__ACTIVITY__
Instruction for the entries that follow: retype exactly the lines from the line with "(forall i j, P" to the line with "- move=> x y", both included, and omit all others.

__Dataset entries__
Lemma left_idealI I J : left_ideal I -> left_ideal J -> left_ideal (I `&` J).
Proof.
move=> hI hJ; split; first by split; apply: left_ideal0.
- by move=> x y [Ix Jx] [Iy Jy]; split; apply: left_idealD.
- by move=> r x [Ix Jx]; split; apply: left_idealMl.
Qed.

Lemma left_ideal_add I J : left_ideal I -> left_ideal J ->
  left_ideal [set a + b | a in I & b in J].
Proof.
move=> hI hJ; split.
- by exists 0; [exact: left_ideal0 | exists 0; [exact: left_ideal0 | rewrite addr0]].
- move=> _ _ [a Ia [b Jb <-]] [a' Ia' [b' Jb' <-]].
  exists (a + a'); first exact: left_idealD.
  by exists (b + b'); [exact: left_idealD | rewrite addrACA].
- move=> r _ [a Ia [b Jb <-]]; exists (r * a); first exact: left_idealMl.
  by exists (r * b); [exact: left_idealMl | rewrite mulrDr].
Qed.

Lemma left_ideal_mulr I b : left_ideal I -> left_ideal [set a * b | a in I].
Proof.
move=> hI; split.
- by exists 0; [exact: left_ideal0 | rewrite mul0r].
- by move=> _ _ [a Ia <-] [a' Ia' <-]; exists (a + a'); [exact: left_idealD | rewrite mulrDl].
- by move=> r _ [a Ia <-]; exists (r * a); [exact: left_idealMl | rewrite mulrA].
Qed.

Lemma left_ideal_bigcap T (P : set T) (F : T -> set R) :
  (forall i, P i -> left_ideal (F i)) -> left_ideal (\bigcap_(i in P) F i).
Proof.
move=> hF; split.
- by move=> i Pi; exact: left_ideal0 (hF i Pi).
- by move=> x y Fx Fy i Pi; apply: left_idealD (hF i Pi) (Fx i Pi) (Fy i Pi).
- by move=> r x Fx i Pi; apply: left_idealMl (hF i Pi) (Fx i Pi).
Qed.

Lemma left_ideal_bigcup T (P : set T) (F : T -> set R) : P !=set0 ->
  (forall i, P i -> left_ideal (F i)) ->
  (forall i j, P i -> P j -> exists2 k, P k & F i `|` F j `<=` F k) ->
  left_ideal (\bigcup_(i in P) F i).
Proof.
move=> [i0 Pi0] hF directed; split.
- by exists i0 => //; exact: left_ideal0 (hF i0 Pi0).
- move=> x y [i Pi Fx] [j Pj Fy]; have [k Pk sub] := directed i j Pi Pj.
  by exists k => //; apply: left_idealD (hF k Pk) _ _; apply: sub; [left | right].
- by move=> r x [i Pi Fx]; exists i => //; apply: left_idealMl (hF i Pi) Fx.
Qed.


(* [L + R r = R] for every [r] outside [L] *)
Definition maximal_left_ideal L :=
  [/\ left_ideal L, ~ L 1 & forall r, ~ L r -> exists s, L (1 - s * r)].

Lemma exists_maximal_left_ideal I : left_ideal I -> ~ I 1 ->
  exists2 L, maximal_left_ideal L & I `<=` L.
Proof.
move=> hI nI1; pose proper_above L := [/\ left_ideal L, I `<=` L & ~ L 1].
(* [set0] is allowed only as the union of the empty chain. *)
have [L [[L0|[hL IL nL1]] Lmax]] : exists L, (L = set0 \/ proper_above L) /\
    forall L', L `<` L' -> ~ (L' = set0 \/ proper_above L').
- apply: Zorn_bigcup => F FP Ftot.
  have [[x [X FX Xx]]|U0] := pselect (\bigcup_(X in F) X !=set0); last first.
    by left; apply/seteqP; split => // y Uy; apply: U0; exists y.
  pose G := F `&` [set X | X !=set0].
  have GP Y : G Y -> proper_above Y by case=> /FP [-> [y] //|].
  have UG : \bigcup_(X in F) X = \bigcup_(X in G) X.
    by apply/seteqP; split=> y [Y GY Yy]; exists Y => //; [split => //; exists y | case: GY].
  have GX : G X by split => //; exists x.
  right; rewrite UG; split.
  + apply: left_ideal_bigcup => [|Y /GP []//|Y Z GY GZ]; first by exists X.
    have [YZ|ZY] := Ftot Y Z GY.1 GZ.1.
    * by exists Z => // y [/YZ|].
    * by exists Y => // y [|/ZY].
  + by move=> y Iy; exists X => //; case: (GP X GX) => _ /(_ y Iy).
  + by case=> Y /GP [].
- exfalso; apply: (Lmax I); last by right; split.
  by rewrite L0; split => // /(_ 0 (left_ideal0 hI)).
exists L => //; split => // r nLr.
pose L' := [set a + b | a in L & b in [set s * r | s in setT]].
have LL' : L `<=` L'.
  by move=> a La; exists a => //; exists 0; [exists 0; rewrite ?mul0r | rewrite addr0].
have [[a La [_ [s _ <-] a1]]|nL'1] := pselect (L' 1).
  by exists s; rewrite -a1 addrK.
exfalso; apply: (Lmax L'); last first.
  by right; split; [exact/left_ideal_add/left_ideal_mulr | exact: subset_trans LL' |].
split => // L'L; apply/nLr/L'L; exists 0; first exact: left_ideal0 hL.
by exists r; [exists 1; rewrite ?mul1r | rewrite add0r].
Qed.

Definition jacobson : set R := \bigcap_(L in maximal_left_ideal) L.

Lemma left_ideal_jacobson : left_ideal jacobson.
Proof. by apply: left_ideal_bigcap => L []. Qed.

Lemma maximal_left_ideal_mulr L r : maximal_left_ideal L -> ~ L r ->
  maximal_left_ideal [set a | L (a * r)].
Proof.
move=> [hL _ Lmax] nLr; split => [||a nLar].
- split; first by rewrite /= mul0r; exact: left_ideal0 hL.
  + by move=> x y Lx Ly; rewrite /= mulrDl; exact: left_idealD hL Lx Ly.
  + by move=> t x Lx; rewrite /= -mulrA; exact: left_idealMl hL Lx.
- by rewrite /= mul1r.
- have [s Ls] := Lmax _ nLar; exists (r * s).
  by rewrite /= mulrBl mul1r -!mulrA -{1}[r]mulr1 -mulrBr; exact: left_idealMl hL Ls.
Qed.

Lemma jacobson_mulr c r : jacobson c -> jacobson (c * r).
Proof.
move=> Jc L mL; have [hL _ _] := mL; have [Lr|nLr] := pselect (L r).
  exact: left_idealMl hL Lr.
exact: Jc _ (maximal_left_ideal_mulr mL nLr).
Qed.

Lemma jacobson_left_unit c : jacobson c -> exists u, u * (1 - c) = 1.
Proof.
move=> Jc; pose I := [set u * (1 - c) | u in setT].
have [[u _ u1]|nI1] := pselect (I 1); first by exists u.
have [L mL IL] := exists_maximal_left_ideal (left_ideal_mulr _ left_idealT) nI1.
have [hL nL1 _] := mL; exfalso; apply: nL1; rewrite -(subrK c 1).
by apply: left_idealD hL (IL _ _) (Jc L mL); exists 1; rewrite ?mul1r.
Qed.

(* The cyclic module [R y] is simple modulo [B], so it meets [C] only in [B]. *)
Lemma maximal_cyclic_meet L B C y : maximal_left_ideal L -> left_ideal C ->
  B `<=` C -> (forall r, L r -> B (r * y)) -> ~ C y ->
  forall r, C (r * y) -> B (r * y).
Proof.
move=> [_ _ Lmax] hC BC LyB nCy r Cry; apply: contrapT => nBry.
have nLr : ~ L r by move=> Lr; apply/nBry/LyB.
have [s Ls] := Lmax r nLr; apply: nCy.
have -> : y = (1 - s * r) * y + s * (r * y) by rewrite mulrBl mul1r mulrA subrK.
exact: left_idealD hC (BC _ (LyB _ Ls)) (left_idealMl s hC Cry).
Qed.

__EXERCISE RESPONSE__
  (forall i j, P i -> P j -> exists2 k, P k & F i `|` F j `<=` F k) ->
  left_ideal (\bigcup_(i in P) F i).
Proof.
move=> [i0 Pi0] hF directed; split.
- by exists i0 => //; exact: left_ideal0 (hF i0 Pi0).
- move=> x y [i Pi Fx] [j Pj Fy]; have [k Pk sub] := directed i j Pi Pj.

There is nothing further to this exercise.